Usually, rare earth ion and seven yuan of melon rings (Q [7]) can not be constructed form solid supermolecule polymer at neutral, acidic aqueous solution.But when zinc chloride introduced rare earth ion and seven yuan of melon rings (in the acidic solution (HCl) that Q [7] coexists, owing to defining tetrachloro zincate anion, similar to tetrachloro cadmium acid radical anion, it also can rise " cellular effect ", makes rare earth ion and seven yuan of melon rings (Q [7]) direct coordination can form tubular structure supermolecule polymer rapidly.When concentration of hydrochloric acid is at 3 ~ 6mol/L, the linear structure supermolecule polymer of formation is tubular structure (see accompanying drawing 1).
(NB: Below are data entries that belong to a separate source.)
(* Consider a seller with one item and a single ex-interim rational buyer; the item's quality $q\in Q=[q_1,q_2]$ has density $g$ and is observed only by the seller; the buyer's valuation is $v(q)\ge0$, monotone increasing in $q$. Consider the problem of maximizing $Rev_{sig}(\pi,p)=p\int_Q\pi(q)g(q)\,\mathrm{d}q$ over $\pi:Q\to[0,1]$ and $p$ subject to $\int_Q\pi(q)[v(q)-p]g(q)\,\mathrm{d}q\ge0$ and $\int_Q\pi(q)[v(q)-p]g(q)\,\mathrm{d}q\ge\mathbb{E}_{q}[v(q)]-p$. Then $\pi^*(q)=1$ for all $q\in Q$ and $p^*=\mathbb{E}_q[v(q)]$ form an optimal solution.
   Context: $\pi(q)$ is the probability that the seller sends signal 1 (''buy'') at quality $q$, and signal 0 (''not buy'') otherwise; the constraints express obedience of an ex-interim rational buyer, who buys iff his posterior expected valuation of the item is at least $p$. $\mathbb{E}_q$ denotes expectation under the prior density $g$. *)

From HB Require Import structures.
From mathcomp Require Import all_boot all_order all_algebra.
From mathcomp Require Import all_classical all_reals all_analysis.
Set Implicit Arguments. Unset Strict Implicit. Unset Printing Implicit Defensive.
Import Order.TTheory GRing.Theory Num.Theory.
Local Open Scope classical_set_scope.
Local Open Scope ring_scope.

Definition Qset {R : realType} (q1 q2 : R) : set R := `[q1, q2].

Definition Eq {R : realType} (q1 q2 : R) (g v : R -> R) : R :=
  Rintegral lebesgue_measure (Qset q1 q2) (fun q => v q * g q).

Definition Rev_sig {R : realType} (q1 q2 : R) (g : R -> R)
  (pi : R -> R) (p : R) : R :=
  p * Rintegral lebesgue_measure (Qset q1 q2) (fun q => pi q * g q).

Definition admissible_signal {R : realType} (q1 q2 : R) (pi : R -> R) : Prop :=
  measurable_fun (Qset q1 q2) pi /\
  (forall q, q \in Qset q1 q2 -> 0 <= pi q <= 1).

Definition obedient {R : realType} (q1 q2 : R) (g v : R -> R)
  (pi : R -> R) (p : R) : Prop :=
  let lhs := Rintegral lebesgue_measure (Qset q1 q2)
               (fun q => pi q * (v q - p) * g q) in
  0 <= lhs /\ Eq q1 q2 g v - p <= lhs.

Definition feasible {R : realType} (q1 q2 : R) (g v : R -> R)
  (pi : R -> R) (p : R) : Prop :=
  admissible_signal q1 q2 pi /\ obedient q1 q2 g v pi p.

Definition optimal_solution {R : realType} (q1 q2 : R) (g v : R -> R)
  (pi : R -> R) (p : R) : Prop :=
  feasible q1 q2 g v pi p /\
  forall pi' p', feasible q1 q2 g v pi' p' ->
    Rev_sig q1 q2 g pi' p' <= Rev_sig q1 q2 g pi p.

From HB Require Import structures.
From mathcomp Require Import all_boot all_order all_algebra.
From mathcomp Require Import all_classical all_reals all_analysis.
From mathcomp Require Import ring.
Import Order.TTheory GRing.Theory Num.Theory.
Local Open Scope classical_set_scope.
Local Open Scope ring_scope.

(* The first obedience constraint reads p \int pi g <= \int pi v g, and since
   0 <= pi <= 1 and v g >= 0 its right-hand side is at most E[v]; so no
   feasible scheme earns more than E[v].  Always recommending "buy" at price
   E[v] makes the obedience integral \int (v - E[v]) g vanish, which meets both
   constraints, and earns exactly E[v] because g is a density. *)

Section UnitWeightedIntegrals.
Context {d : measure_display} {T : measurableType d} {R : realType}.
Context {mu : {measure set T -> \bar R}} {D : set T} (mD : measurable D).

Lemma integrableZl_EFin (k : R) (f : T -> R) :
  mu.-integrable D (EFin \o f) ->
  mu.-integrable D (EFin \o (fun x => k * f x)).
Proof.
by move=> fi; apply: eq_integrable (integrableZl mD k fi).
Qed.

Lemma integrable_unit_mulr (w f : T -> R) :
  measurable_fun D w -> {in D, forall x, 0 <= w x <= 1} ->
  mu.-integrable D (EFin \o f) ->
  mu.-integrable D (EFin \o (fun x => w x * f x)).
Proof.
move=> mw w01 fi.
have bounded_w : [bounded w x | x in D].
  exists 1; split => // M M1 x Dx /=.
  have /andP[w0 w1] := w01 x (mem_set Dx).
  by rewrite ger0_norm // (le_trans w1) // ltW.
by apply: eq_integrable (integrableMr mD mw bounded_w fi).
Qed.

Lemma Rintegral_weighted_surplus (w v g : T -> R) (p : R) :
  mu.-integrable D (EFin \o (fun x => w x * g x)) ->
  mu.-integrable D (EFin \o (fun x => w x * (v x * g x))) ->
  \int[mu]_(x in D) (w x * (v x - p) * g x) =
  \int[mu]_(x in D) (w x * (v x * g x)) - p * \int[mu]_(x in D) (w x * g x).
Proof.
move=> wgi wvgi.
rewrite (@eq_Rintegral _ _ _ mu _ (fun x => w x * (v x * g x) - p * (w x * g x)));
  last by move=> x _; ring.
by rewrite RintegralB // ?RintegralZl //; exact: integrableZl_EFin.
Qed.

End UnitWeightedIntegrals.

Section SignalingProblem.
Context {R : realType} {q1 q2 : R} {g v : R -> R}.
Hypothesis g_ge0 : forall q, q \in Qset q1 q2 -> 0 <= g q.
Hypothesis g_int : lebesgue_measure.-integrable (Qset q1 q2) (fun q => (g q)%:E).
Hypothesis g_density : Rintegral lebesgue_measure (Qset q1 q2) g = 1.
Hypothesis v_ge0 : forall q, q \in Qset q1 q2 -> 0 <= v q.
Hypothesis vg_int :
  lebesgue_measure.-integrable (Qset q1 q2) (fun q => (v q * g q)%:E).

Let mQ : measurable (Qset q1 q2 : set (measurableTypeR R)).
Proof. exact: measurable_itv. Qed.

Lemma Rev_sig_always_buy (p : R) : Rev_sig q1 q2 g (fun _ => 1) p = p.
Proof.
rewrite /Rev_sig -[RHS]mulr1; congr (_ * _).
by rewrite -[RHS]g_density; apply: eq_Rintegral => q _; rewrite mul1r.
Qed.

Lemma feasible_always_buy_at_mean :
  feasible q1 q2 g v (fun _ => 1) (Eq q1 q2 g v).
Proof.
have one01 (q : R) : q \in Qset q1 q2 -> 0 <= (1 : R) <= 1 by rewrite ler01 lexx.
split; first by split; [exact: measurable_cst | exact: one01].
have one_int (f : R -> R) := @integrable_unit_mulr _ _ _ lebesgue_measure _ mQ
  (fun _ => 1) f (measurable_cst _) one01.
rewrite /obedient Rintegral_weighted_surplus ?one_int //.
have -> : Rintegral lebesgue_measure (Qset q1 q2) (fun q => 1 * g q) = 1.
  by rewrite -[RHS]g_density; apply: eq_Rintegral => q _; rewrite mul1r.
have -> : Rintegral lebesgue_measure (Qset q1 q2) (fun q => 1 * (v q * g q)) =
    Eq q1 q2 g v by apply: eq_Rintegral => q _; rewrite mul1r.
by rewrite mulr1 subrr lexx.
Qed.

Lemma feasible_Rev_sig_le_mean (pi : R -> R) (p : R) :
  feasible q1 q2 g v pi p -> Rev_sig q1 q2 g pi p <= Eq q1 q2 g v.
Proof.
move=> [[mpi pi01] [surplus_ge0 _]].
have pi_int (f : R -> R) := @integrable_unit_mulr _ _ _ lebesgue_measure _ mQ
  pi f mpi pi01.
move: surplus_ge0; rewrite Rintegral_weighted_surplus ?pi_int //.
rewrite subr_ge0 => revenue_le; apply: le_trans revenue_le _.
apply: le_Rintegral; rewrite ?pi_int // => q Qq.
have /andP[pi0 pi1] := pi01 q (mem_set Qq).
by rewrite ler_piMl // mulr_ge0 // ?v_ge0 ?g_ge0 // mem_set.
Qed.

End SignalingProblem.

Theorem mainTheorem6 (R : realType) (q1 q2 : R) (g v : R -> R)
  (hq : q1 < q2)
  (g_meas : measurable_fun (Qset q1 q2) g)
  (g_ge0 : forall q, q \in Qset q1 q2 -> 0 <= g q)
  (g_int : lebesgue_measure.-integrable (Qset q1 q2) (fun q => (g q)%:E))
  (g_density : Rintegral lebesgue_measure (Qset q1 q2) g = 1)
  (v_ge0 : forall q, q \in Qset q1 q2 -> 0 <= v q)
  (v_mono : forall x y, x \in Qset q1 q2 -> y \in Qset q1 q2 ->
              x <= y -> v x <= v y)
  (vg_int : lebesgue_measure.-integrable (Qset q1 q2)
              (fun q => (v q * g q)%:E)) :
  optimal_solution q1 q2 g v (fun _ => 1) (Eq q1 q2 g v).
Proof.
split; first exact: feasible_always_buy_at_mean g_int g_density vg_int.
move=> pi p /(feasible_Rev_sig_le_mean g_ge0 g_int v_ge0 vg_int).
by rewrite (Rev_sig_always_buy g_density).
Qed.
Be exactly utilize tetrachloro zincate anion in present patent application, make seven yuan of melon rings (Q [7]) and the direct coordination of serial rare-earth metal ion, synthesized a series of seven yuan of melon rings-rare earth metal tubulose supermolecule polymer.Utilize the polymkeric substance with metal-melon ring organic framework, in fractionation by adsorption, have huge application potential.
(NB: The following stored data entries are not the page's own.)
Section NoncrossingBondLattice.
Variables (n : nat) (G : {set 'I_n * 'I_n}).
Local Notation V := 'I_n.
Local Notation edges := {set V * V}.
Implicit Types (B K X Y : edges) (W : {set V}).
Hypothesis Gs : simple_graph G.
Hypothesis Gpl : perfectly_labeled G.

Definition induced W : rel V := fun x y => [&& x \in W, y \in W & adj G x y].

Definition closure K : edges := [set e in G | connect (adj K) e.1 e.2].

Lemma lower_neighbour_edge (x z : V) : adj G x z -> x < z -> (x, z) \in G.
Proof. by case/orP=> // /Gs /= zx xz; move: (ltn_trans zx xz); rewrite ltnn. Qed.

Lemma lower_neighbours_adj (x y z : V) : (x, z) \in G -> (y, z) \in G -> x != y -> adj G x y.
Proof.
move=> xz yz; rewrite -val_eqE neq_ltn /adj => /orP[xy|yx].
  by rewrite (Gpl xy (Gs yz) xz yz).
by rewrite (Gpl yx (Gs xz) yz xz) orbT.
Qed.

(* The largest vertex of [W] is simplicial in [G[W]], so it can be deleted. *)
Lemma connect_induced_below W (t : nat) (u v : V) : u < t -> v < t ->
  connect (induced W) u v -> connect (induced [set x in W | x < t]) u v.
Proof.
move=> ut vt; elim: {W}#|W|.+1 {-2}W (ltnSn #|W|) => // k IHk W Wk uv.
have [/existsP[m0 /andP[m0W tm0]]|] := boolP [exists x in W, t <= x]; last first.
  move=> /existsPn Wt; congr (connect (induced _) u v) : uv; apply/setP => x.
  by rewrite inE; case xW: (x \in W); rewrite //= ltnNge; have := Wt x; rewrite xW.
have [m mW mmax] := arg_maxnP (fun x : V => val x) m0W.
have {}mW : m \in W := mW.
have {}mmax x : x \in W -> x <= m := mmax x.
have tm : t <= m := leq_trans tm0 (mmax _ m0W).
have -> : [set x in W | x < t] = [set x in W :\ m | x < t].
  apply/setP => x; rewrite !inE; case: eqP => [-> | _] //=.
  by rewrite ltnNge tm andbF.
apply: IHk; first by rewrite (cardsD1 m W) mW add1n ltnS in Wk.
have simplicial x y : induced W x m -> induced W m y -> x = y \/ induced W x y.
  have below z : z \in W -> adj G z m -> (z, m) \in G.
    move=> zW zm; apply: lower_neighbour_edge => //; rewrite ltn_neqAle (mmax _ zW) andbT.
    by apply: contraTneq zm => /val_inj ->; rewrite simple_adj_irrefl.
  case/and3P=> xW _ xm /and3P[_ yW my]; have [-> | xy] := eqVneq x y; first by left.
  by right; rewrite /induced xW yW (lower_neighbours_adj (z := m)) // below // adjC.
have um : u != m by rewrite -val_eqE neq_ltn (leq_trans ut tm).
have vm : v != m by rewrite -val_eqE neq_ltn (leq_trans vt tm).
rewrite -(eq_connect (e := [rel x y | [&& x != m, y != m & induced W x y]])).
  exact: connect_delete_simplicial.
by move=> x y; rewrite /= /induced !inE; case: (x != m); case: (y != m); rewrite ?andbF.
Qed.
summary of the invention:the object of the invention is to by tetrachloro zincic acid root (ZnCl 4 2-) inducing action, design and synthesis seven yuan of melon ring-rare earth tubulose supermolecule polymers and synthetic method thereof.
Seven yuan of melon ring-rare earth tubulose supermolecule polymers of tetrachloro zincic acid root induction of the present invention and synthetic method are at zinc chloride (ZnCl 2) under existence, seven yuan of melon rings that seven yuan of melon rings (Cucurbit [7] uril, Q [7]) and rare earth metal salt synthesize under certain condition in hydrochloric acid soln and rare earth tubulose supermolecule polymer.The rare earth metal salt of above-mentioned indication is the nitrate of serial rare-earth metal.
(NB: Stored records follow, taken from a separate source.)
Lemma union_of_lines_through_join_closed pi X R Q :
  X \subset pts_of pi -> R \in pts_of pi -> Q \in X -> Q != R ->
  (forall P x, P \in X -> x \in points -> (x <= R + P)%MS -> x \in X) ->
  union_of_lines_through_point pi X.
Proof.
move=> sXpi Rpi QX QR closedX.
have ptsX P : P \in X -> (P \in points) && (P <= pi)%MS.
  by move/(subsetP sXpi); rewrite in_pts_of.
have /andP[pR Rsubpi] : (R \in points) && (R <= pi)%MS by rewrite -in_pts_of.
have RQ_line : <<(R + Q)%MS>>%MS \in [set <<(R + P)%MS>>%MS | P in X :\ R].
  by apply: imset_f; rewrite in_setD1 QR QX.
exists R => //; exists [set <<(R + P)%MS>>%MS | P in X :\ R]; split.
- by apply/set0Pn; exists <<(R + Q)%MS>>%MS.
- move=> _ /imsetP[P /setD1P[PR PX] ->]; have /andP[pP Ppi] := ptsX P PX.
  split; rewrite ?genmxE ?addsmxSl ?addsmx_sub ?Rsubpi //.
  apply: rank_join_points => //; apply: contra PR => PR.
  by apply/eqP/point_sub_eq.
apply/setP => x; rewrite inE; apply/idP/andP => [xX | [px]].
  have /andP[px _] := ptsX x xX; split => //; apply/exists_inP.
  have [->|xR] := eqVneq x R.
    by exists <<(R + Q)%MS>>%MS; rewrite ?genmxE ?addsmxSl.
  exists <<(R + x)%MS>>%MS; last by rewrite genmxE addsmxSr.
  by apply: imset_f; rewrite in_setD1 xR xX.
case/exists_inP => _ /imsetP[P /setD1P[_ PX] ->]; rewrite genmxE.
exact: closedX.
Qed.

Lemma exists_cone_generator_cap_line Om Ga pi B :
  (Om :&: Ga = 0)%MS -> \rank Ga = 3%N -> blocking_set Ga B ->
  \rank pi = 3%N -> (pi <= Om + Ga)%MS -> \rank (pi :&: Om)%MS != 0%N ->
  exists2 Pb, Pb \in B & (2 <= \rank (pi :&: (Om + Pb)))%N.
Proof.
move=> OmGa0 rGa [sBGa blockB] rpi piOmGa rpiOm; set o := \rank Om.
have rOmGa : \rank (Om + Ga)%MS = (o + 3)%N.
  by have := mxrank_sum_cap Om Ga; rewrite OmGa0 mxrank0 rGa; lia.
have [r2|r1] := leqP 2 (\rank (pi :&: Om)%MS).
  have [L rL LGa] : exists2 L : 'M_n, \rank L = 2%N & (L <= Ga)%MS.
    by apply: exists_line; rewrite rGa.
  have [Pb PbB _] := blockB L rL LGa; exists Pb => //.
  by apply: leq_trans r2 (mxrankS _); rewrite capmxS ?addsmxSl.
have {r1 rpiOm}rpiOm1 : \rank (pi :&: Om)%MS = 1%N by lia.
have rOmpi : \rank (Om + pi)%MS = (o + 2)%N.
  by have := mxrank_sum_cap Om pi; rewrite capmxC rpiOm1 rpi; lia.
have rOmpiGa : \rank (Om + pi + Ga)%MS = (o + 3)%N.
  rewrite -rOmGa; apply: eqmx_rank; apply/andP; split.
    by rewrite !addsmx_sub addsmxSl piOmGa addsmxSr.
  by rewrite addsmxS ?addsmxSl.
have [Pb PbB PbW] : exists2 Pb, Pb \in B & (Pb <= (Om + pi) :&: Ga)%MS.
  by apply: blockB (capmxSr _ _); have := mxrank_sum_cap (Om + pi)%MS Ga; lia.
exists Pb => //; move: PbW; rewrite sub_capmx => /andP[PbOmpi PbGa].
have /andP[pPb _] : (Pb \in points) && (Pb <= Ga)%MS.
  by rewrite -in_pts_of (subsetP sBGa).
have rOmPb : \rank (Om + Pb)%MS = (o + 1)%N.
  have OmPb0 : (Om :&: Pb = 0)%MS by apply/eqP; rewrite -submx0 -OmGa0 capmxS.
  by have := mxrank_sum_cap Om Pb; rewrite OmPb0 mxrank0 (proj2 (pointP pPb)); lia.
have : (\rank (pi + (Om + Pb))%MS <= o + 2)%N.
  by rewrite -rOmpi mxrankS // !addsmx_sub addsmxSr addsmxSl PbOmpi.
by have := mxrank_sum_cap pi (Om + Pb)%MS; rewrite rpi rOmPb; lia.
Qed.

Lemma cone_cap_nonskew_plane Om Ga pi B :
  (Om :&: Ga = 0)%MS -> \rank Ga = 3%N -> blocking_set Ga B ->
  \rank pi = 3%N -> (pi <= Om + Ga)%MS -> \rank (pi :&: Om)%MS != 0%N ->
  union_of_lines_through_point pi (cone Om B :&: pts_of pi).
Proof.
move=> OmGa0 rGa blockB rpi piOmGa rpiOm.
have [Pb PbB rpiOmPb] :=
  exists_cone_generator_cap_line OmGa0 rGa blockB rpi piOmGa rpiOm.
have [R [pR RpiOm _]] :
    exists R, [/\ R \in points, (R <= pi :&: Om)%MS & ~~ (R <= (0 : 'M_n))%MS].
  by apply: exists_point; rewrite submx0 -mxrank_eq0.
have [Q [pQ QpiOmPb nQR]] :
    exists Q, [/\ Q \in points, (Q <= pi :&: (Om + Pb))%MS & ~~ (Q <= R)%MS].
  apply: exists_point; apply: contraTN rpiOmPb => /mxrankS.
  by rewrite (proj2 (pointP pR)); lia.
move: RpiOm QpiOmPb; rewrite !sub_capmx => /andP[Rpi ROm] /andP[Qpi QOmPb].
apply: (@union_of_lines_through_join_closed _ _ R Q); rewrite ?subsetIr ?in_pts_of ?pR //.
- by rewrite in_setI in_pts_of in_cone pQ Qpi /= andbT; apply/exists_inP; exists Pb.
- by apply: contraNneq nQR => ->.
move=> P x /setIP[Pcone /[!in_pts_of] /andP[_ Ppi]] px xRP.
rewrite in_setI in_pts_of px (cone_join_vertex ROm Pcone) //=.
by apply: submx_trans xRP _; rewrite addsmx_sub Rpi.
Qed.

End Cone.

Theorem lemma5p8 (F : finFieldType) (n t : nat) (Om Ga : 'M[F]_n)
    (Bb : {set 'M[F]_n}) :
  (1 <= t)%N ->
  \rank Om = t.-1 ->                       (* Om is (t-2)-dimensional *)
  \rank Ga = 3%N ->                        (* Ga is a plane *)
  \rank (Om :&: Ga)%MS = 0%N ->            (* Ga skew from Om *)
  minimal_blocking_set Ga Bb -> small_set Bb ->
  forall pi : 'M[F]_n, \rank pi = 3%N -> (pi <= Om + Ga)%MS ->
    let X := cone Om Bb :&: pts_of pi in
    X = pts_of pi \/
    union_of_lines_through_point pi X \/
    (minimal_blocking_set pi X /\ proj_equiv Bb X).
Proof.
move=> _ _ rGa /eqP; rewrite mxrank_eq0 => /eqP OmGa0 minB _ pi rpi piOmGa X.
have [rpiOm|rpiOm] := eqVneq (\rank (pi :&: Om)%MS) 0%N; right.
  right; move/eqP: rpiOm; rewrite mxrank_eq0 => /eqP piOm0.
  have rpiGa : \rank pi = \rank Ga by rewrite rpi rGa.
  have [M uM [GaM_pi eX]] := cone_cap_skew_plane OmGa0 minB.1.1 rpiGa piOmGa piOm0.
  by rewrite /X eX; split; [apply: minimal_blocking_set_image minB | exists M].
by left; apply: cone_cap_nonskew_plane OmGa0 rGa minB.1 rpi piOmGa rpiOm.
Qed.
The inductor of above-mentioned indication is tetrachloro zincate anion.The chemical formula of seven yuan of melon rings (Q [7]) is c 42 h 42 n 28 o 14 , structural formula is as follows:
The seven yuan of melon rings-rare earth tubulose supermolecule polymer of the present invention one class tetrachloro zincic acid root induction is with Cadmium chloride fine powder (ZnCl 4 2-) be inductor, seven yuan of melon rings-rare earth tubulose supermolecule polymer that seven yuan of melon rings (Cucurbit [7] uril, Q [7]) are synthesized in hydrochloric acid soln with rare earth metal salt, this polymkeric substance can adsorb volatile substances.Seven yuan of melon rings of indication and serial rare-earth metal form supermolecule polymer chemical constitution general formula:
{[Ln n(H 2O) y(Q[7]) m]·aZnCl 4·bClc·H 2O}
Ln represents rare earth ion, and n is rare earth ion quantity (1<n<2); Y is rare earth ion coordinated water molecular amounts (9<y<12); M is the quantity (1<m<2) of seven yuan of melon rings; A is tetrachloro zincate anion quantity (1<a<3); B is chlorion quantity (0<b<4); C is crystalline water molecules quantity (32<c<55), and hydrochloric acid soln is 3 ~ 6 moles.
The seven yuan of melon rings-rare earth tubulose supermolecule polymer of the class tetrachloro zincic acid root induction that the present invention has synthesized is:
1){La 2(H 2O) 12Q[7]}2(ZnCl 4)2Cl31(H 2O)
2){Ce 2(H 2O) 12Q[7]}2(ZnCl 4)2Cl25(H 2O)
3){Pr 2(H 2O) 12Q[7]}2(ZnCl 4)2Cl29(H 2O)
4){Nd 2(H 2O) 12Q[7]}2(ZnCl 4)2Cl25(H 2O)
5){Sm 2(H 2O) 10Q[7]}2(ZnCl 4)2Cl24(H 2O)
6){Eu 2(H 2O) 10Q[7]}2(ZnCl 4)2Cl29(H 2O)
7){Gd 2(H 2O) 10Q[7]}2(ZnCl 4)2Cl27(H 2O)
8){Tb 2(H 2O) 10Q[7]}2(ZnCl 4)2Cl27(H 2O)
9){Dy 2(H 2O) 10Q[7]}ZnCl 44Cl46(H 2O)
10){Ho 2(H 2O) 10Q[7]}ZnCl 44Cl41(H 2O)
11){Er 2(H 2O) 10Q[7]}2(ZnCl 4)2Cl33(H 2O)
12){Tm 2(H 2O) 10Q[7]}2(ZnCl 4)2Cl27(H 2O)
13){Yb 2(H 2O) 10Q[7]}2(ZnCl 4)2Cl18(H 2O)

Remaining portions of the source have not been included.